Search code examples
scalaapache-sparktuplesdataframelimit

Spark Scala 2.10 tuple limit


I have DataFrame with 66 columns to process (almost each column value needs to be changed someway) so I'm running following statement

    val result = data.map(row=> (
        modify(row.getString(row.fieldIndex("XX"))),
        (...)
        )
    )

till 66th column. Since scala in this version has limit to max tuple of 22 pairs I cannot perform this like that. Question is, is there any workaround for it?
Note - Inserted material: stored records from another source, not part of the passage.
(* The zigzag vanishes at the extreme grid points, so the telescoping sum is 0. *)
Lemma weight_ends : F O = 0 /\ F m = 0.
Proof.
  destruct grid_constants. unfold F, t, N. rewrite mid_first, mid_last.
  apply zigzag_ends. fold N c0. lra.
Qed.

Lemma weight_step_lower (k : nat) : F (S k) - F k >= -h.
Proof.
  destruct grid_constants. unfold F. rewrite grid_step.
  generalize (zigzag_step_lower c0 (t k) (t k + h)). lra.
Qed.

(* Near the origin the weight is the identity, so it increases by exactly [h]. *)
Lemma weight_step_inner (k : nat) :
  Rabs (t k) < 1/4 \/ Rabs (t (S k)) < 1/4 -> F (S k) - F k = h.
Proof.
  intros Hk. destruct grid_constants. unfold F.
  rewrite grid_step in *. rewrite zigzag_step_middle; [ring| |];
  revert Hk; unfold Rabs; repeat destruct Rcase_abs; lra.
Qed.

(* The mean weight on a step is bounded by the grid values, as [|zigzag u| <= |u|]. *)
Lemma weight_mean (k : nat) (r : R) :
  Rabs (t k) <= r -> Rabs (t (S k)) <= r -> Rabs ((F k + F (S k)) / 2) <= r.
Proof.
  intros H0 H1. destruct grid_constants.
  assert (Rabs (F k) <= Rabs (t k)) by (apply zigzag_abs; lra).
  assert (Rabs (F (S k)) <= Rabs (t (S k))) by (apply zigzag_abs; lra).
  unfold Rdiv. rewrite Rabs_mult, (Rabs_right (/2)) by lra.
  generalize (Rabs_triang (F k) (F (S k))). lra.
Qed.

Theorem discrete_hardy (f g : nat -> R) (om : R) :
  (forall k, (k < m)%nat -> exists e j, Rabs e <= om /\ (j = k \/ j = S k) /\
      Rabs (t k) <= Rabs (t j) /\ Rabs (t (S k)) <= Rabs (t j) /\
      f (S k) - f k = h * (g j + e)) ->
  sumN N (fun k => f k ^ 2) <=
    64 * sumN N (fun k => t k ^ 2 * g k ^ 2) + 8 * sumN N (fun k => outer (t k) * f k ^ 2)
    + 32 * INR N * om ^ 2.
Proof.
  intros Hinc. destruct grid_constants as [[Hh _] _].
  destruct weight_ends as [F0 Fm].
  apply (telescoped_bound m h om F); auto; [lia| |].
  { intros k _. repeat split;
      [apply pow2_ge_0| apply Rmult_le_pos; apply pow2_ge_0| apply Rmult_le_pos; [apply outer_nonneg| apply pow2_ge_0]]. }
  intros k Hk. destruct (Hinc k Hk) as (e & j & He & Hj & Hkj & HSkj & Hf).
  assert (Htj : Rabs (t j) <= 1).
  { destruct (mid_in N j) as [? ?]; [unfold N; lia|]. unfold t, Rabs; destruct Rcase_abs; lra. }
  assert (Hpj : t j ^ 2 * g j ^ 2 <= t k ^ 2 * g k ^ 2 + t (S k) ^ 2 * g (S k) ^ 2).
  { assert (0 <= t k ^ 2 * g k ^ 2) by (apply Rmult_le_pos; apply pow2_ge_0).
    assert (0 <= t (S k) ^ 2 * g (S k) ^ 2) by (apply Rmult_le_pos; apply pow2_ge_0).
    destruct Hj; subst j; lra. }
  assert (Step := hardy_step h (F k) (F (S k)) (f k) (f (S k)) (t j) (g j) e om
                    (outer (t k) * f k ^ 2) (outer (t (S k)) * f (S k) ^ 2)).
  enough (F (S k) * f (S k) ^ 2 - F k * f k ^ 2 >= h * (3/8 * (f k ^ 2 + f (S k) ^ 2)
            - (outer (t k) * f k ^ 2 + outer (t (S k)) * f (S k) ^ 2)
            - 8 * (t j ^ 2 * g j ^ 2) - 8 * om ^ 2)) by nra.
  apply Step; auto using weight_step_lower, weight_mean.
  - apply Rmult_le_pos; [apply outer_nonneg| apply pow2_ge_0].
  - apply Rmult_le_pos; [apply outer_nonneg| apply pow2_ge_0].
  - intros HD. unfold outer.
    destruct (Rle_dec (1/4) (Rabs (t k))); [|exfalso; apply HD, weight_step_inner; lra].
    destruct (Rle_dec (1/4) (Rabs (t (S k)))); [|exfalso; apply HD, weight_step_inner; lra].
    lra.
Qed.

End DiscreteHardy.

Definition cube (n : nat) (x : nat -> R) : Prop :=
  in_Rn n x /\ forall i, (i < n)%nat -> -1 <= x i <= 1.

Lemma upd_eq (x : nat -> R) (i : nat) (a : R) : upd x i a i = a.
Proof. unfold upd. rewrite Nat.eqb_refl. reflexivity. Qed.

Lemma upd_upd (x : nat -> R) (i : nat) (a b : R) : upd (upd x i a) i b = upd x i b.
Proof. apply functional_extensionality; intros k; unfold upd. destruct (Nat.eqb k i); auto. Qed.

Lemma upd_comm (x : nat -> R) (i j : nat) (a b : R) :
  i <> j -> upd (upd x i a) j b = upd (upd x j b) i a.
Proof.
  intros H. apply functional_extensionality. intros k. unfold upd.
  destruct (Nat.eqb_spec k j); destruct (Nat.eqb_spec k i); subst; auto. contradiction.
Qed.

Lemma cube_upd (n : nat) (x : nat -> R) (i : nat) (a : R) :
  cube n x -> (i < n)%nat -> -1 <= a <= 1 -> cube n (upd x i a).
Proof.
  intros [Hx Hb] Hi Ha. split; intros k Hk; unfold upd; destruct (Nat.eqb_spec k i); auto; lia.
Qed.

Lemma cube_zero (n : nat) : cube n (fun _ => 0).
Proof. split; [intros i _; auto| intros; lra]. Qed.

Lemma gridsum_by_lines (n N m : nat) (A B : (nat -> R) -> R) : (1 <= m <= n)%nat ->
  (forall x, cube n x -> sumN N (fun k => B (upd x O (mid N k))) <= sumN N (fun k => A (upd x O (mid N k)))) ->
  gridsum m N B <= gridsum m N A.
Proof.
  revert A B. induction m as [|m IH]; intros A B Hm H; [lia|].
  destruct m as [|m]; [apply H, cube_zero|].
  change (sumN N (fun k => gridsum (S m) N (fun x => B (upd x (S m) (mid N k)))) <=
          sumN N (fun k => gridsum (S m) N (fun x => A (upd x (S m) (mid N k))))).
  apply sumN_le. intros k Hk. apply IH; [lia|]. intros x Hx.
  rewrite !(sumN_ext N (fun k0 => _ (upd (upd x O (mid N k0)) (S m) (mid N k)))
                       (fun k0 => _ (upd (upd x (S m) (mid N k)) O (mid N k0))))
    by (intros; rewrite upd_comm; auto).
  apply H, cube_upd; auto; [lia| apply mid_in; auto].
Qed.

Lemma gridsum_affine (m N : nat) (g : (nat -> R) -> R) (a b : R) :
  gridsum m N (fun x => a * g x + b) = a * gridsum m N g + b * INR N ^ m.
Proof.
  revert g. induction m as [|m IH]; intros g; simpl gridsum; [simpl; ring|].
  rewrite (sumN_ext N _ (fun k => a * gridsum m N (fun x => g (upd x m (mid N k))) + b * INR N ^ m))
    by (intros k _; apply (IH (fun x => g (upd x m (mid N k))))).
  rewrite sumN_plus, sumN_scal, sumN_const. simpl. ring.
Qed.

Lemma normn_coord0 (n : nat) (x : nat -> R) : (1 <= n)%nat -> Rabs (x O) <= normn n x.
Proof.
  intros Hn. unfold normn. rewrite <- (sqrt_pow2 (Rabs (x O))) by apply Rabs_pos.
  apply sqrt_le_1_alt. rewrite pow2_abs.
  apply (sumN_ge_first n (fun i => x i ^ 2)); auto. intros; apply pow2_ge_0.
Qed.

Lemma normn_small (n : nat) (v : nat -> R) (d : R) : (1 <= n)%nat -> 0 < d ->
  (forall i, (i < n)%nat -> Rabs (v i) < d / INR n) -> normn n v < d.
Proof.
  intros Hn Hd H. assert (HN : 1 <= INR n) by (replace 1 with (INR 1) by reflexivity; apply le_INR; auto).
  assert (Hs : sumN n (fun i => v i ^ 2) < sumN n (fun _ => (d / INR n) ^ 2)).
  { apply sumN_lt; auto. intros i Hi. specialize (H i Hi). rewrite <- pow2_abs.
    assert (0 <= Rabs (v i)) by apply Rabs_pos. nra. }
  rewrite sumN_const in Hs.
  assert (E : INR n * (d / INR n) ^ 2 = d ^ 2 / INR n) by (field; lra).
  assert (d ^ 2 / INR n <= d ^ 2).
  { unfold Rdiv. assert (0 < d ^ 2) by (apply pow_lt; auto).
    assert (/ INR n <= 1) by (rewrite <- Rinv_1; apply Rinv_le_contravar; lra). nra. }
  unfold normn. rewrite <- (sqrt_pow2 d) by lra. apply sqrt_lt_1_alt. split; [|lra].
  apply sumN_nonneg. intros; apply pow2_ge_0.
Qed.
After all line operations I'm converting it to df with specific column names

   result.toDf("c1",...,"c66")
   result.storeAsTempTable("someFancyResult")

"modify" function is just an example to show my point


Solution

  • If all you do is modifying values from an existing DataFrame it is better to use an UDF instead of mapping over a RDD:

    import org.apache.spark.sql.functions.udf
    
    val modifyUdf = udf(modify)
    data.withColumn("c1", modifyUdf($"c1"))
    

    If for some reason above doesn't fit your needs the simplest thing you can do is to recreateDataFrame from a RDD[Row]. for example like this:

    import org.apache.spark.rdd.RDD
    import org.apache.spark.sql.Row
    import org.apache.spark.sql.types.{StructField, StructType, IntegerType}
    
    
    val result: RDD[Row] = data.map(row => {
      val buffer = ArrayBuffer.empty[Any]
    
      // Add value to buffer
      buffer.append(modify(row.getAs[String]("c1")))
    
      // ... repeat for other values
    
      // Build row
      Row.fromSeq(buffer)
    })
    
    // Create schema
    val schema = StructType(Seq(
      StructField("c1", StringType, false),
      // ...  
      StructField("c66", StringType, false)
    ))
    
    sqlContext.createDataFrame(result, schema)